/BarPhy

Pipeline to ID species from a barcode sequence using the BOLD database and phylogenetic trees

Primary LanguagePythonGNU General Public License v3.0GPL-3.0

Barcode Phylogenetics


✨ NOTE: Pipeline is under active development ✍️


This script is required when an expected species ID does not match the result species/genus ID from a sequence similarity search against the BOLD database. It requires a merged barcode sequence as input, along with an expected species ID (EXID) and a result species/genus ID (REXID). Using the BOLD API it pulls down barcode data for EXID and REXID, creates a multiple sequence alignment, and uses maximum likelihood estimation to construct a phylogenetic tree. The output is a pdf image of the tree, where the identification of the barcode query can be confidently assigned in a phylogenetic context.

Requirements

  • python3
  • Mafft - install
  • IQTree - install
  • R v3 - install
  • Toytree - install
  • Python modules; pandas, os, glob, argparse, subprocess, ete3, Bio, joblib.

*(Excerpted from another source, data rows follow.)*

(* Let $k\ge 1$, let $A_k$ be a $k$-atom and let $s$ be a seed of $A_k$. Then the tree $T_k$ is (isomorphic to) a subgraph of the path tree of $(A_k,s)$, and $T_k$ is equal to (isomorphic to) this path tree if and only if $A_k$ is isomorphic to $T_k$.
   Context: $k$-atoms are defined recursively: $K_1$ is the only $1$-atom (its vertex is its seed). A graph $H$ is a $(k+1)$-atom if its vertices can be partitioned into an independent set $I$ and a set inducing a $k$-atom $A_k$ such that each vertex of $A_k$ has exactly one neighbor in $I$ and each vertex of $I$ has at least one neighbor in $A_k$; a seed of $H$ is a seed of $A_k$ (i.e. a vertex that can serve as the initial vertex of the recursive construction). For each $k$ there is a unique $k$-atom that is a tree, denoted $T_k$ (it has $2^{k-1}$ vertices; $T_{k+1}$ is obtained from $T_k$ by attaching one new pendant vertex to each vertex). The path tree of $(G,u)$ is the rooted tree whose vertices are the paths in $G$ starting at $u$ (the root being the path of length $0$), two such paths being adjacent iff one is obtained from the other by appending one edge at its end. *)

(* finite simple graphs as symmetric irreflexive relations. *)
From mathcomp Require Import all_boot.
Set Implicit Arguments. Unset Strict Implicit. Unset Printing Implicit Defensive.

Section Atoms.
Variable T : finType.
Variable e : rel T.

Definition independent (A : {set T}) : Prop :=
  forall x y, x \in A -> y \in A -> ~~ e x y.

Fixpoint atom_on (k : nat) (A : {set T}) (s : T) : Prop :=
  match k with
  | 0 => False
  | 1 => A = [set s]
  | S k' =>
      exists B : {set T},
        [/\ B \subset A,
            atom_on k' B s,
            independent (A :\: B),
            (forall x, x \in B -> #|[set y in A :\: B | e x y]| = 1)
          & (forall y, y \in A :\: B -> exists2 x, x \in B & e x y)]
  end.

Definition is_atom (k : nat) (s : T) : Prop := atom_on k [set: T] s.

(* Vertices of the path tree of (G, u): paths of G starting at u, as the
   sequence of their (distinct) vertices; [:: u] is the path of length 0. *)
Definition is_path_from (u : T) (p : seq T) : bool :=
  match p with
  | [::] => false
  | v :: q => (v == u) && path e u q && uniq p
  end.
End Atoms.

Definition ptree_edge (T : eqType) (p q : seq T) : bool :=
  ((size q == (size p).+1) && (take (size p) q == p)) ||
  ((size p == (size q).+1) && (take (size q) p == q)).

(* The tree T_k on vertex set {0, ..., 2^(k-1) - 1}: T_1 = K_1, and T_(k'+1) is
   obtained from T_k' by attaching the new pendant vertex i + 2^(k'-1) to each
   vertex i < 2^(k'-1). *)
Fixpoint Tk_rel (k : nat) (i j : nat) : bool :=
  match k with
  | 0 => false
  | 1 => false
  | S k' => [|| Tk_rel k' i j,
                (i < 2 ^ (k'.-1)) && (j == i + 2 ^ (k'.-1))
              | (j < 2 ^ (k'.-1)) && (i == j + 2 ^ (k'.-1))]
  end.

Definition Tk_vert (k : nat) := 'I_(2 ^ k.-1).
Definition Tk_edge (k : nat) : rel (Tk_vert k) := fun i j => Tk_rel k i j.

Definition subgraph_embedding (A B : Type) (PA : pred A) (eA : rel A)
  (PB : pred B) (eB : rel B) (f : A -> B) : Prop :=
  [/\ {in PA, forall x, PB (f x)},
      {in PA &, injective f}
    & {in PA &, forall x y, eA x y -> eB (f x) (f y)}].

Definition graph_iso (A B : Type) (PA : pred A) (eA : rel A)
  (PB : pred B) (eB : rel B) (f : A -> B) : Prop :=
  [/\ {in PA, forall x, PB (f x)},
      {in PA &, injective f},
      (forall y, PB y -> exists2 x, PA x & f x = y)
    & {in PA &, forall x y, eA x y = eB (f x) (f y)}].

From mathcomp Require Import all_boot zify.
Set Implicit Arguments. Unset Strict Implicit. Unset Printing Implicit Defensive.

(* Write the (k+1)-atom A as a k-atom B plus the independent set I = A \ B, and
   let [partner x] be the unique neighbour in I of x in B.  If the paths F i
   (i < 2^(k-1)) from s in B form a copy of T_k in the path tree, then adding the
   paths F i followed by [partner (last (F i))] gives a copy of T_(k+1): each new
   path hangs off its prefix, and no two new paths are adjacent.
   Every vertex of I has a neighbour in B, so |I| <= |B| and |A| <= 2^(k-1), with
   equality iff [partner] is injective at every level.  In that case a path can
   enter I only at its last vertex, so the copy is the whole path tree, and the
   endpoint map of the copy is an isomorphism T_k ~ A.  Conversely, if the copy
   is the whole path tree, two vertices of B with a common partner y would yield
   a path leaving B through y and re-entering it, which is not in the copy; hence
   [partner] is injective and A ~ T_k. *)

Lemma Tk_relSS k i j :
  Tk_rel k.+2 i j =
  [|| Tk_rel k.+1 i j, (i < 2 ^ k) && (j == i + 2 ^ k) | (j < 2 ^ k) && (i == j + 2 ^ k)].
Proof. by []. Qed.

Lemma Tk_rel_sym k : symmetric (Tk_rel k).
Proof.
elim: k => [|[|k] IH] // i j.
by rewrite !Tk_relSS IH orbCA orbC -orbA.
Qed.

Lemma Tk_rel_bound k i j : Tk_rel k.+1 i j -> (i < 2 ^ k) && (j < 2 ^ k).
Proof.
elim: k i j => [|k IH] i j //; rewrite Tk_relSS expnS.
by case/or3P => [/IH|/andP[? /eqP->]|/andP[? /eqP->]]; lia.
Qed.

Lemma ltn_expS_split k j :
  j < 2 ^ k.+1 -> j < 2 ^ k \/ exists2 i, i < 2 ^ k & j = i + 2 ^ k.
Proof.
rewrite expnS => jlt; case: (ltnP j (2 ^ k)) => jk; [by left | right].
by exists (j - 2 ^ k); lia.
Qed.

Section TkGrowth.
Variables (k i j : nat).
Hypotheses (ilt : i < 2 ^ k) (jlt : j < 2 ^ k).

Lemma Tk_rel_old : Tk_rel k.+2 i j = Tk_rel k.+1 i j.
Proof. by rewrite Tk_relSS; case: Tk_rel => //=; apply/negbTE; lia. Qed.

Lemma Tk_rel_pendant : Tk_rel k.+2 i (j + 2 ^ k) = (i == j).
Proof.
rewrite Tk_relSS; have /negbTE-> : ~~ Tk_rel k.+1 i (j + 2 ^ k).
  by apply/negP => /Tk_rel_bound; lia.
by rewrite /= eqn_add2r eq_sym ilt /= ltnNge leq_addl /= orbF.
Qed.

Lemma Tk_rel_new : Tk_rel k.+2 (i + 2 ^ k) (j + 2 ^ k) = false.
Proof.
rewrite Tk_relSS; have /negbTE-> : ~~ Tk_rel k.+1 (i + 2 ^ k) (j + 2 ^ k).
  by apply/negP => /Tk_rel_bound; lia.
by apply/negbTE; lia.
Qed.

End TkGrowth.

Lemma rcons_extP (T : eqType) (p q : seq T) :
  reflect (exists x, q = rcons p x) ((size q == (size p).+1) && (take (size p) q == p)).
Proof.
apply: (iffP andP) => [[]|[x ->]]; last by rewrite size_rcons -cats1 take_size_cat.
case: (lastP q) => [|r x] //; rewrite size_rcons eqSS => /eqP <-.
by rewrite -cats1 take_size_cat // cats1 => /eqP->; exists x.
Qed.

Lemma ptree_edgeP (T : eqType) (p q : seq T) :
  reflect ((exists x, q = rcons p x) \/ (exists x, p = rcons q x)) (ptree_edge p q).
Proof. by apply: (iffP orP) => -[] /rcons_extP; [left|right|left|right]. Qed.

Lemma ptree_edge_sym (T : eqType) : symmetric (@ptree_edge T).
Proof. by move=> p q; rewrite /ptree_edge orbC. Qed.

Lemma graph_iso_inv (A B : finType) (eA : rel A) (eB : rel B) (f : A -> B) :
  graph_iso predT eA predT eB f -> exists g : B -> A, graph_iso predT eB predT eA g.
Proof.
case=> _ finj fsurj fedge.
have exf y : exists x, f x == y by have [x _ /eqP] := fsurj y isT; exists x.
pose g y := xchoose (exf y).
have gK : cancel g f by move=> y; apply/eqP; apply: (xchooseP (exf y)).
exists g; split=> //.
- by move=> y1 y2 _ _ /(congr1 f); rewrite !gK.
- by move=> x _; exists (f x) => //; apply: finj; rewrite ?gK.
- by move=> y1 y2 _ _; rewrite fedge ?gK.
Qed.

Lemma card_graph_iso (A B : finType) (eA : rel A) (eB : rel B) (f : A -> B) :
  graph_iso predT eA predT eB f -> #|A| = #|B|.
Proof.
move=> /[dup] [[_ finj _ _]] /graph_iso_inv[g [_ ginj _ _]].
have finj' : injective f by move=> x y; apply: finj.
have ginj' : injective g by move=> x y; apply: ginj.
by apply/eqP; rewrite eqn_leq (leq_card f finj') (leq_card g ginj').
Qed.

Lemma equipotent_onto (D : finType) (X : eqType) (P : X -> Prop) (f F : D -> X) :
  (forall y, P y -> exists2 x, predT x & f x = y) ->
  (forall x, P (F x)) -> injective F -> forall y, P y -> exists x, F x = y.
Proof.
move=> fsurj PF Finj y Py.
have exh x : exists z, f z == F x by have [z _ /eqP] := fsurj _ (PF x); exists z.
pose h x := xchoose (exh x); have hE x : f (h x) = F x by apply/eqP; apply: (xchooseP (exh x)).
have hinj : injective h by move=> x1 x2 /(congr1 f); rewrite !hE => /Finj.
have [z _ <-] := fsurj y Py; have /codomP[x ->] := injF_onto hinj z.
by exists x; rewrite hE.
Qed.

Section AtomPaths.
Variables (T : finType) (e : rel T) (s : T).
Hypotheses (e_sym : symmetric e) (e_irr : irreflexive e).

Lemma is_path_from_uniq p : is_path_from e s p -> uniq p.
Proof. by case: p => //= v q /andP[]. Qed.

Lemma is_path_from_last p : is_path_from e s p -> last s p \in p.
Proof. by case: p => [|v q] //= /andP[/andP[/eqP-> _] _]; apply: mem_last. Qed.

Lemma is_path_from_rcons p y :
  is_path_from e s p -> e (last s p) y -> y \notin p -> is_path_from e s (rcons p y).
Proof.
case: p => [|v q] //= /andP[/andP[/eqP-> sq] uq] ey yq.
rewrite eqxx rcons_path sq ey mem_rcons rcons_uniq.
by move: uq yq; rewrite !inE !negb_or eq_sym => /andP[-> ->] /andP[-> ->].
Qed.

Lemma is_path_from_prefix p1 p2 :
  p1 != [::] -> is_path_from e s (p1 ++ p2) -> is_path_from e s p1.
Proof.
case: p1 => [|v p1] // _ /andP[/andP[vs]]; rewrite cat_path => /andP[sp1 _].
by rewrite cat_uniq => /andP[u1 _]; rewrite /= vs sp1.
Qed.

(* Indices are shifted: [k] refers to a (k+1)-atom on [A] and to T_(k+1), whose
   vertex i < 2^k is realised by the path [F i]. *)
Definition tree_of_paths k (A : {set T}) (F : nat -> seq T) :=
  [/\ forall i, i < 2 ^ k -> is_path_from e s (F i) && all (mem A) (F i),
      forall i j, i < 2 ^ k -> j < 2 ^ k -> F i = F j -> i = j
    & forall i j, i < 2 ^ k -> j < 2 ^ k -> Tk_rel k.+1 i j = ptree_edge (F i) (F j)].

Definition covers_paths k (A : {set T}) (F : nat -> seq T) :=
  forall p, is_path_from e s p -> all (mem A) p -> exists2 i, i < 2 ^ k & p = F i.

Definition endpoint_iso k (A : {set T}) (F : nat -> seq T) :=
  [/\ forall x, x \in A -> exists2 i, i < 2 ^ k & last s (F i) = x,
      forall i j, i < 2 ^ k -> j < 2 ^ k -> last s (F i) = last s (F j) -> i = j
    & forall i j, i < 2 ^ k -> j < 2 ^ k ->
        e (last s (F i)) (last s (F j)) = Tk_rel k.+1 i j].

Definition atom_ext (B A : {set T}) :=
  [/\ B \subset A, independent e (A :\: B),
      forall x, x \in B -> #|[set y in A :\: B | e x y]| = 1
    & forall y, y \in A :\: B -> exists2 x, x \in B & e x y].

Lemma atom_onSS k A :
  atom_on e k.+2 A s -> exists2 B, atom_on e k.+1 B s & atom_ext B A.
Proof. by case=> B [? ? ? ? ?]; exists B. Qed.

Section Extension.
Variables A B : {set T}.
Hypothesis extBA : atom_ext B A.
Local Notation I := (A :\: B).

Definition partner x := odflt x [pick y in I | e x y].

Lemma partner_set x : x \in B -> [set y in I | e x y] = [set partner x].
Proof.
move=> xB; have [_ _ /(_ x xB)/eqP/cards1P[z Nx] _] := extBA.
rewrite Nx /partner; case: pickP => [y Ny | /(_ z)].
  have : y \in [set y in I | e x y] by rewrite inE.
  by rewrite Nx inE => /eqP->.
by move=> zN; have := set11 z; rewrite -Nx inE zN.
Qed.

Lemma partner_in x : x \in B -> partner x \in I.
Proof. by move/partner_set/setP/(_ (partner x)); rewrite !inE eqxx => /andP[]. Qed.

Lemma partner_edge x : x \in B -> e x (partner x).
Proof. by move/partner_set/setP/(_ (partner x)); rewrite !inE eqxx => /andP[]. Qed.

Lemma partner_unique x y : x \in B -> y \in I -> e x y -> y = partner x.
Proof.
by move=> /partner_set/setP/(_ y) + yI exy; rewrite inE yI exy in_set1 => /esym/eqP.
Qed.

Lemma I_notin_B y : y \in I -> y \notin B.
Proof. by rewrite inE => /andP[]. Qed.

Lemma I_in_A y : y \in I -> y \in A.
Proof. by rewrite inE => /andP[]. Qed.

Lemma B_in_A x : x \in B -> x \in A.
Proof. by have [/subsetP sBA _ _ _] := extBA; apply: sBA. Qed.

Lemma card_atom_ext : #|A| = #|B| + #|I|.
Proof. by have [sBA _ _ _] := extBA; rewrite -(cardsID B A) (setIidPr sBA). Qed.

Lemma I_sub_partners : I \subset partner @: B.
Proof.
apply/subsetP => y yI; have [_ _ _ /(_ y yI)[x xB exy]] := extBA.
by rewrite (partner_unique xB yI exy) imset_f.
Qed.

Lemma card_I_le_B : #|I| <= #|B|.
Proof. exact: leq_trans (subset_leq_card I_sub_partners) (leq_imset_card _ _). Qed.

Lemma partner_inj_of_card : #|B| <= #|I| -> {in B &, injective partner}.
Proof.
move=> le_BI; apply/imset_injP; rewrite eqn_leq leq_imset_card.
exact: leq_trans le_BI (subset_leq_card I_sub_partners).
Qed.

(* With [partner] injective, each vertex of I has a single neighbour in A, so a
   path entering I cannot leave it again. *)
Lemma belast_in_B x q : {in B &, injective partner} ->
  x \in B -> path e x q -> all (mem A) q -> uniq (x :: q) -> all (mem B) (belast x q).
Proof.
move=> pinj; elim: q x => [|z q IH] x //= xB /andP[exz zq] /andP[zA qA] /andP[xq uq].
rewrite xB; case: q => [|z' q] in IH zq qA uq xq * => //.
have zB : z \in B.
  apply: contraT => zNB; have zI : z \in I by rewrite inE zNB zA.
  move: zq qA xq => /= /andP[ezz' _] /andP[z'A _].
  have z'B : z' \in B.
    apply: contraT => z'NB; have [_ indI _ _] := extBA.
    by have := indI z z' zI; rewrite inE z'NB z'A ezz' => /(_ isT).
  have xz' : x = z'.
    by apply: pinj; rewrite // -(partner_unique xB zI exz) -(partner_unique z'B zI) // e_sym.
  by rewrite xz' !inE eqxx orbT.
exact: IH.
Qed.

If you get an error for any of these, install using pip before running script.
  • R libraries; ggtree v1.10 from bioconductor, getopt

Clone repository locally using git clone https://github.com/PeterMulhair/BarPhy.git

Note this script is built to run on command line on a linux system

Usage

BarPhy can be run in two ways:

  1. With an excel sheet or csv file of barcode results as input (see the excel sheet in data/)
  • python barcode_queries.py --barcode Barcoding_results.xlsx
  1. With a fasta file containing a barcode sequence named as EXID and a query species/genus to search against
  • python barcode_queries.py --query EXID.fasta REXID

The script also requires certain directories. To run the --query version, place your fasta files in a directory called queries/

Output

The output folder consists of a number of files including raw fasta, MSA, and tree output files. The tree image file, ending in .pdf, is what you want to check to see where your barcode query fits in the tree.

Examples

Using the fasta file from queries/ you can ID the barcode sequences using the --query version (the --barcode version can be run using the excel sheet in data/)

Then run the script:


$ python barcode_queries.py --query queries/Melangyna_labiatarum.fasta Melangyna_compositarum

OR to search against the REXID genus rather than species:

$ python barcode_queries.py --query queries/Melangyna_labiatarum.fasta Melangyna_

NOTE for --query version the input is required as the species bionomial name, or genus, separated by an underscore eg. Drosophila_melanogaster or Drosophila_

Output

For --query runs, the query species will be labelled with _query and coloured red in the output tree image (labelled with _DToL in --barcode version).